If you are from somewhere else, living somewhere else . . . no, if you are an African or an Arab living in Europe . . . no, if you are a Libyan and therefore both African and Arab, and moved as a boy to England in the Eighties . . . after all that has happened, after Balfour and World War II, after the invasion and occupation of Palestine, and long after Kipling, after all the countless gestures of reduction and prejudice, long after your land and resources have been stolen, and being born into that dispossession, the hot bitterness of it running in the veins of those around you and, more bewilderingly, in your veins, then witnessing how your own are spoken of, seeing how cheap your body has become, how it can be done away with so easily, with little drama or outrage, drowned in the sea in front of everyone’s eyes, or bombed from the air in front of everyone’s eyes, and then witnessing some of your European colleagues, otherwise liberal and fair-minded intellectuals, some of whom you love and who live in your heart, perform new forms of the same old and inelegant acrobatics you have witnessed all your life, so as not to name the crimes for what they are, but name some of them, so as to have named something, when all of this happens, you are reminded of the center, that these good people operate from within a conceived center, a perceptual center from which the world is viewed, and that you are outside that boundary.

I did not learn to read till a year or two after starting school. I had not seen a letter, or known what a word was, till I was six, when, because I could not make out the blackboard, it was discovered that I had severely poor eyesight. Up till then I believed my vision was the same as everyone else’s. A television was a radio with flashing lights, and the family gathered around it the way people gather around a fire. The world was without lampposts. Trees appeared and loomed large, their bark textured and vivid only once you approached and were within touching distance of one.
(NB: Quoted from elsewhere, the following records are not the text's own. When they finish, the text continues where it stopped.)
(* Let $T\in B(H)$ with $W_{\rm e}(T)\supset\overline{\mathbb D}$. Then there exist mutually orthogonal closed subspaces $H_k\subset H$, $k\in\mathbb N$, such that $W_{\rm e}(P_{H_k}T|_{H_k})\supset\overline{\mathbb D}$ for every $k\in\mathbb N$.
   Context: $H$ is an infinite-dimensional complex separable Hilbert space; $\mathbb D$ is the open unit disc. For an operator $A$ on a Hilbert space, $W_{\rm e}(A)$ is the set of $\lambda\in\mathbb C$ with $\langle Ax_k,x_k\rangle\to\lambda$ for some orthonormal sequence $(x_k)$. $P_{H_k}$ is the orthogonal projection onto $H_k$ and $P_{H_k}T|_{H_k}\in B(H_k)$ is the compression. *)

From Stdlib Require Import Reals.
Open Scope R_scope.

Definition C := (R * R)%type.
Definition C0 : C := (0, 0).
Definition C1 : C := (1, 0).
Definition Cadd (a b : C) : C := (fst a + fst b, snd a + snd b).
Definition Cmul (a b : C) : C :=
  (fst a * fst b - snd a * snd b, fst a * snd b + snd a * fst b).
Definition Cconj (a : C) : C := (fst a, - snd a).
Definition Cmod (a : C) : R := sqrt (fst a * fst a + snd a * snd a).
Definition Csub (a b : C) : C := (fst a - fst b, snd a - snd b).

Definition Ccv (u : nat -> C) (l : C) : Prop :=
  forall eps, eps > 0 -> exists N, forall n, (n >= N)%nat -> Cmod (Csub (u n) l) < eps.
(* Let $\mathbb{L}$ be a complete lattice, let $E^1,E^2$ be bounded spectral families in $\mathbb{L}$, and define $E_{\lambda,\mu}:=E^1_\lambda\wedge E^2_\mu$ for $\lambda,\mu\in\mathbb{R}$. Then $E=(E_{\lambda,\mu})_{\lambda,\mu\in\mathbb{R}}$ is a bounded complex spectral family, and the function associated to $E$ is $f_E=f_{E^1}+i\,f_{E^2}$.
   Context: A spectral family in $\mathbb{L}$ (with $0$, $1$) is a map $F:\mathbb{R}\to\mathbb{L}$ with $F_\lambda\le F_\mu$ for $\lambda\le\mu$, $F_\lambda=\bigwedge_{\mu>\lambda}F_\mu$, $\bigwedge_\lambda F_\lambda=0$, $\bigvee_\lambda F_\lambda=1$; it is bounded if there are $a\le b$ with $F_\lambda=0$ for $\lambda<a$ and $F_\lambda=1$ for $\lambda\ge b$; its associated function on the Stone spectrum is $f_F(\mathfrak{B})=\inf\{\lambda\mid F_\lambda\in\mathfrak{B}\}$. The Stone spectrum $\mathcal{Q}(\mathbb{L})$ is the set of quasipoints (maximal dual ideals: maximal nonempty upward closed subsets not containing $0$, closed under finite meets) with the topology generated by $\{\mathfrak{B}\mid a\in\mathfrak{B}\}$, $a\in\mathbb{L}$. A complex (2-parameter) spectral family is a map $E:\mathbb{R}^2\to\mathbb{L}$ with (i) $E_{\lambda_1,\lambda_2}\wedge E_{\mu_1,\mu_2}=E_{\min\{\lambda_1,\mu_1\},\min\{\lambda_2,\mu_2\}}$; (ii) $\bigwedge_{\lambda_1<\mu_1,\lambda_2<\mu_2}E_{\mu_1,\mu_2}=E_{\lambda_1,\lambda_2}$; (iii) $\bigwedge_{\lambda}E_{\lambda,\lambda_2}=0=\bigwedge_\lambda E_{\lambda_1,\lambda}$ for all $\lambda_1,\lambda_2$, and $\bigvee_{\lambda_1,\lambda_2}E_{\lambda_1,\lambda_2}=1$. It is bounded if there are $m,M'$ with $E_{\lambda_1,\lambda_2}=0$ whenever some $\lambda_k\le m$ and $E_{\lambda_1,\lambda_2}=1$ whenever $\lambda_1,\lambda_2\ge M'$. For such $E$, $f_E:\mathcal{Q}(\mathbb{L})\to\mathbb{C}$ is $f_E=f_{E,1}+if_{E,2}$ with $f_{E,1}(\mathfrak{B})=\inf\{\lambda\mid\exists\mu: E_{\lambda,\mu}\in\mathfrak{B}\}$ and $f_{E,2}(\mathfrak{B})=\inf\{\mu\mid\exists\lambda: E_{\lambda,\mu}\in\mathfrak{B}\}$. *)

From HB Require Import structures.
From mathcomp Require Import all_boot all_order all_algebra.
From mathcomp Require Import boolp classical_sets reals.
From mathcomp Require Import complex.
Set Implicit Arguments. Unset Strict Implicit. Unset Printing Implicit Defensive.
Import Order.TTheory GRing.Theory Num.Theory.
Local Open Scope ring_scope.
Local Open Scope classical_set_scope.

Record complete_lattice := CompleteLattice {
  carrier :> Type;
  cl_le : carrier -> carrier -> Prop;
  cl_le_refl : forall a, cl_le a a;
  cl_le_trans : forall a b c, cl_le a b -> cl_le b c -> cl_le a c;
  cl_le_anti : forall a b, cl_le a b -> cl_le b a -> a = b;
  Inf : set carrier -> carrier;
  Sup : set carrier -> carrier;
  Inf_lb : forall S a, S a -> cl_le (Inf S) a;
  Inf_glb : forall S b, (forall a, S a -> cl_le b a) -> cl_le b (Inf S);
  Sup_ub : forall S a, S a -> cl_le a (Sup S);
  Sup_lub : forall S b, (forall a, S a -> cl_le a b) -> cl_le (Sup S) b
}.

Section Lat.
Variable L : complete_lattice.

Definition cl_bot : L := Inf (@setT L).
Definition cl_top : L := Inf (@set0 L).
Definition cl_meet (a b : L) : L := Inf [set a; b].

Definition dual_ideal (B : set L) : Prop :=
  (exists a, B a) /\
  (forall a b, B a -> cl_le a b -> B b) /\
  (forall a b, B a -> B b -> B (cl_meet a b)) /\
  ~ B cl_bot.

Definition quasipoint (B : set L) : Prop :=
  dual_ideal B /\ forall C, dual_ideal C -> B `<=` C -> C = B.

Variable R : realType.

Definition spectral_family (F : R -> L) : Prop :=
  (forall l m, l <= m -> cl_le (F l) (F m)) /\
  (forall l, F l = Inf [set F m | m in [set m | l < m]]) /\
  Inf (range F) = cl_bot /\
  Sup (range F) = cl_top.

Definition bounded_spectral_family (F : R -> L) : Prop :=
  spectral_family F /\
  exists a b, a <= b /\
    (forall l, l < a -> F l = cl_bot) /\ (forall l, b <= l -> F l = cl_top).

Definition assoc_fun (F : R -> L) (B : set L) : R := inf [set l | B (F l)].

Definition complex_spectral_family (E : R -> R -> L) : Prop :=
  (forall l1 l2 m1 m2,
      cl_meet (E l1 l2) (E m1 m2) = E (Num.min l1 m1) (Num.min l2 m2)) /\
  (forall l1 l2,
      Inf [set E m.1 m.2 | m in [set m : R * R | l1 < m.1 /\ l2 < m.2]]
      = E l1 l2) /\
  (forall l1 l2, Inf (range (fun l => E l l2)) = cl_bot /\
                 Inf (range (fun l => E l1 l)) = cl_bot) /\
  Sup [set E m.1 m.2 | m in [set: R * R]] = cl_top.

Definition bounded_complex_spectral_family (E : R -> R -> L) : Prop :=
  complex_spectral_family E /\
  exists m M', (forall l1 l2, (l1 <= m \/ l2 <= m) -> E l1 l2 = cl_bot) /\
               (forall l1 l2, M' <= l1 -> M' <= l2 -> E l1 l2 = cl_top).

Definition assoc_fun1 (E : R -> R -> L) (B : set L) : R :=
  inf [set l | exists mu, B (E l mu)].
Definition assoc_fun2 (E : R -> R -> L) (B : set L) : R :=
  inf [set mu | exists l, B (E l mu)].

Definition assoc_cfun (E : R -> R -> L) (B : set L) : R[i] :=
  ((assoc_fun1 E B)%:C)%C + 'i%C * ((assoc_fun2 E B)%:C)%C.

End Lat.

(* Since a spectral family is monotone, meeting two values of it gives its value at the
   smaller parameter; interchanging the meets in (E1 l1 /\ E2 l2) /\ (E1 m1 /\ E2 m2)
   then yields the meet law of E. Right continuity, the bottom limits and the bounds pass
   to E componentwise. For the associated functions, a quasipoint is upward closed and
   E2 reaches 1, so E1 l /\ E2 mu lies in B for some mu exactly when E1 l does; hence
   f_{E,1} = f_{E1}, and symmetrically f_{E,2} = f_{E2}. *)
From HB Require Import structures.
From mathcomp Require Import all_boot all_order all_algebra.
From mathcomp Require Import boolp classical_sets reals.
From mathcomp Require Import complex.
From mathcomp Require Import lra.
Import Order.TTheory GRing.Theory Num.Theory.
Local Open Scope ring_scope.
Local Open Scope classical_set_scope.

Section CompleteLatticeTheory.
Context {L : complete_lattice}.
Implicit Types a b c d : L.

Lemma cl_leIl a b : cl_le (cl_meet a b) a.
Proof. by apply: Inf_lb; left. Qed.

Lemma cl_leIr a b : cl_le (cl_meet a b) b.
Proof. by apply: Inf_lb; right. Qed.

Lemma cl_lexI a b c : cl_le c a -> cl_le c b -> cl_le c (cl_meet a b).
Proof. by move=> ca cb; apply: Inf_glb => x [->|->]. Qed.

Lemma cl_le0x a : cl_le (cl_bot L) a.
Proof. exact: Inf_lb. Qed.

Lemma cl_lex1 a : cl_le a (cl_top L).
Proof. by apply: Inf_glb. Qed.

Lemma cl_leI2 a b c d : cl_le a c -> cl_le b d -> cl_le (cl_meet a b) (cl_meet c d).
Proof.
move=> ac bd; apply: cl_lexI.
- exact: cl_le_trans (cl_leIl a b) ac.
- exact: cl_le_trans (cl_leIr a b) bd.
Qed.

Lemma cl_meet_l a b : cl_le a b -> cl_meet a b = a.
Proof.
by move=> ab; apply: cl_le_anti; [apply: cl_leIl | apply: cl_lexI; first exact: cl_le_refl].
Qed.

Lemma cl_meet_r a b : cl_le b a -> cl_meet a b = b.
Proof.
by move=> ba; apply: cl_le_anti; [apply: cl_leIr | apply: cl_lexI; last exact: cl_le_refl].
Qed.

Lemma cl_meetx1 a : cl_meet a (cl_top L) = a.
Proof. exact/cl_meet_l/cl_lex1. Qed.

Lemma cl_meet1x a : cl_meet (cl_top L) a = a.
Proof. exact/cl_meet_r/cl_lex1. Qed.

Lemma cl_meet0x a : cl_meet (cl_bot L) a = cl_bot L.
Proof. exact/cl_meet_l/cl_le0x. Qed.

Lemma cl_meetx0 a : cl_meet a (cl_bot L) = cl_bot L.
Proof. exact/cl_meet_r/cl_le0x. Qed.

Lemma cl_meetACA a b c d :
  cl_meet (cl_meet a b) (cl_meet c d) = cl_meet (cl_meet a c) (cl_meet b d).
Proof.
suff le_ACA a' b' c' d' :
    cl_le (cl_meet (cl_meet a' b') (cl_meet c' d')) (cl_meet (cl_meet a' c') (cl_meet b' d')).
  by apply: cl_le_anti; apply: le_ACA.
by apply: cl_lexI; apply: cl_leI2; [apply: cl_leIl | apply: cl_leIl | apply: cl_leIr | apply: cl_leIr].
Qed.

Lemma Inf_range_bot_mono {T : Type} {f g : T -> L} :
  Inf (range f) = cl_bot L -> (forall t, cl_le (g t) (f t)) -> Inf (range g) = cl_bot L.
Proof.
move=> f_bot gf; apply: cl_le_anti; last exact: cl_le0x.
rewrite -f_bot; apply: Inf_glb => _ [t _ <-].
by apply: cl_le_trans (gf t); apply: Inf_lb; exists t.
Qed.

Lemma Sup_top (S : set L) : S (cl_top L) -> Sup S = cl_top L.
Proof. by move=> S1; apply: cl_le_anti; [apply: cl_lex1 | apply: Sup_ub]. Qed.

End CompleteLatticeTheory.

Section MeetFamily.
Context {L : complete_lattice} {R : realType}.
Variables F G : R -> L.

Definition meet_family (l mu : R) : L := cl_meet (F l) (G mu).

Lemma cl_meet_monotone_min (H : R -> L) :
  (forall l m, l <= m -> cl_le (H l) (H m)) ->
  forall x y, cl_meet (H x) (H y) = H (Num.min x y).
Proof.
move=> H_mono x y; have [xy | yx] := leP x y.
- exact/cl_meet_l/H_mono.
- exact/cl_meet_r/H_mono/ltW.
Qed.

Hypothesis F_mono : forall l m, l <= m -> cl_le (F l) (F m).
Hypothesis G_mono : forall l m, l <= m -> cl_le (G l) (G m).

Lemma meet_family_meet l1 l2 m1 m2 :
  cl_meet (meet_family l1 l2) (meet_family m1 m2)
  = meet_family (Num.min l1 m1) (Num.min l2 m2).
Proof.
by rewrite /meet_family cl_meetACA !cl_meet_monotone_min.
Qed.

Hypothesis F_rc : forall l, F l = Inf [set F m | m in [set m | l < m]].
Hypothesis G_rc : forall l, G l = Inf [set G m | m in [set m | l < m]].

Lemma meet_family_right_continuous l1 l2 :
  Inf [set meet_family m.1 m.2 | m in [set m : R * R | l1 < m.1 /\ l2 < m.2]]
  = meet_family l1 l2.
Proof.
apply: cl_le_anti; last first.
  by apply: Inf_glb => _ [[m1 m2] /= [lm1 lm2] <-]; apply: cl_leI2; [apply/F_mono/ltW | apply/G_mono/ltW].
apply: cl_lexI.
- rewrite F_rc; apply: Inf_glb => _ [m lm <-].
  apply: cl_le_trans (cl_leIl (F m) (G (l2 + 1))).
  by apply: Inf_lb; exists (m, l2 + 1) => //=; split => //; lra.
- rewrite G_rc; apply: Inf_glb => _ [m lm <-].
  apply: cl_le_trans (cl_leIr (F (l1 + 1)) (G m)).
  by apply: Inf_lb; exists (l1 + 1, m) => //=; split => //; lra.
Qed.

End MeetFamily.

Lemma meet_family_bounded_complex {L : complete_lattice} {R : realType} (F G : R -> L) :
  bounded_spectral_family F -> bounded_spectral_family G ->
  bounded_complex_spectral_family (meet_family F G).
Proof.
move=> [[F_mono [F_rc [F_bot _]]] [aF [bF [_ [F_low F_up]]]]].
move=> [[G_mono [G_rc [G_bot _]]] [aG [bG [_ [G_low G_up]]]]].
split; first split.
- exact: meet_family_meet.
- split; first exact: meet_family_right_continuous.
  split.
    move=> l1 l2; split.
    + by apply: (Inf_range_bot_mono F_bot) => l; apply: cl_leIl.
    + by apply: (Inf_range_bot_mono G_bot) => l; apply: cl_leIr.
  apply: Sup_top; exists (bF, bG) => //.
  by rewrite /meet_family F_up // G_up // cl_meetx1.
- exists (Num.min aF aG - 1), (Num.max bF bG); split.
  + have minF : Num.min aF aG <= aF by rewrite ge_min lexx.
    have minG : Num.min aF aG <= aG by rewrite ge_min lexx orbT.
    move=> l1 l2 [l1m | l2m]; rewrite /meet_family.
    * by rewrite F_low ?cl_meet0x //; lra.
    * by rewrite G_low ?cl_meetx0 //; lra.
  + move=> l1 l2 Ml1 Ml2; rewrite /meet_family F_up ?G_up ?cl_meetx1 //.
    * by apply: le_trans Ml2; rewrite le_max lexx orbT.
    * by apply: le_trans Ml1; rewrite le_max lexx.
Qed.

Section AssociatedFunctions.
Context {L : complete_lattice} {R : realType} {B : set L} {F G : R -> L}.
Hypothesis B_dual : dual_ideal B.

Lemma assoc_fun1_meet_family {bG : R} :
  G bG = cl_top L -> assoc_fun1 (meet_family F G) B = assoc_fun F B.
Proof.
move: B_dual => [_ [B_up _]] G_top.
rewrite /assoc_fun1 /assoc_fun; congr inf; apply/seteqP; split => l /=.
- by move=> [mu Bl]; apply: B_up Bl _; apply: cl_leIl.
- by move=> BFl; exists bG; rewrite /meet_family G_top cl_meetx1.
Qed.

Lemma assoc_fun2_meet_family {bF : R} :
  F bF = cl_top L -> assoc_fun2 (meet_family F G) B = assoc_fun G B.
Proof.
move: B_dual => [_ [B_up _]] F_top.
rewrite /assoc_fun2 /assoc_fun; congr inf; apply/seteqP; split => mu /=.
- by move=> [l Bmu]; apply: B_up Bmu _; apply: cl_leIr.
- by move=> BGmu; exists bF; rewrite /meet_family F_top cl_meet1x.
Qed.

End AssociatedFunctions.

Lemma bounded_spectral_family_top {L : complete_lattice} {R : realType} {F : R -> L} :
  bounded_spectral_family F -> exists b, F b = cl_top L.
Proof. by move=> [_ [_ [b [_ [_ F_up]]]]]; exists b; apply: F_up. Qed.

Theorem proposition2p17 (L : complete_lattice) (R : realType)
  (E1 E2 : R -> L) :
  bounded_spectral_family E1 -> bounded_spectral_family E2 ->
  let E := fun l mu => cl_meet (E1 l) (E2 mu) in
  bounded_complex_spectral_family E /\
  (forall B : set L, quasipoint B ->
     assoc_cfun E B = ((assoc_fun E1 B)%:C)%C + 'i%C * ((assoc_fun E2 B)%:C)%C).
Proof.
move=> hE1 hE2 E; split; first exact: meet_family_bounded_complex.
move=> B [B_dual _].
have [b1 E1_top] := bounded_spectral_family_top hE1.
have [b2 E2_top] := bounded_spectral_family_top hE2.
rewrite /assoc_cfun; congr (_%:C + 'i * _%:C)%C.
- exact: (assoc_fun1_meet_family (F := E1) B_dual E2_top).
- exact: (assoc_fun2_meet_family (G := E2) B_dual E1_top).
Qed.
It seemed as though people and things belonged to one giant mass, a shy mist from which objects emerged only when called upon, appearing when apprehended and then evaporating the moment one walked away.

Leaving the optometrist with my new glasses on and everyone around me pleased, I partook in the delight, was proud of the new furniture on my face, the accessory that had its own box. All this was easy and straightforward enough. The thing I could not explain, however, was that this exacting world did not correspond to what I had believed the world to be. Clear vision struck me as a corruption. I had to contend with the violent, hard edge of things, where the geography of each object and person was distinct, their borders fixed, delineated into specific terrains, that each thing and each one of us really did start and finish so precisely. Before, when I placed my hand on the table, it merged into it. Now the table and my hand were easily distinguishable. I became at once fascinated and quietly outraged by the sight of my fingers resting independently on my father’s arm, or the fact that the branches of one orange tree, when intertwined with those of the one beside it, remained divisible.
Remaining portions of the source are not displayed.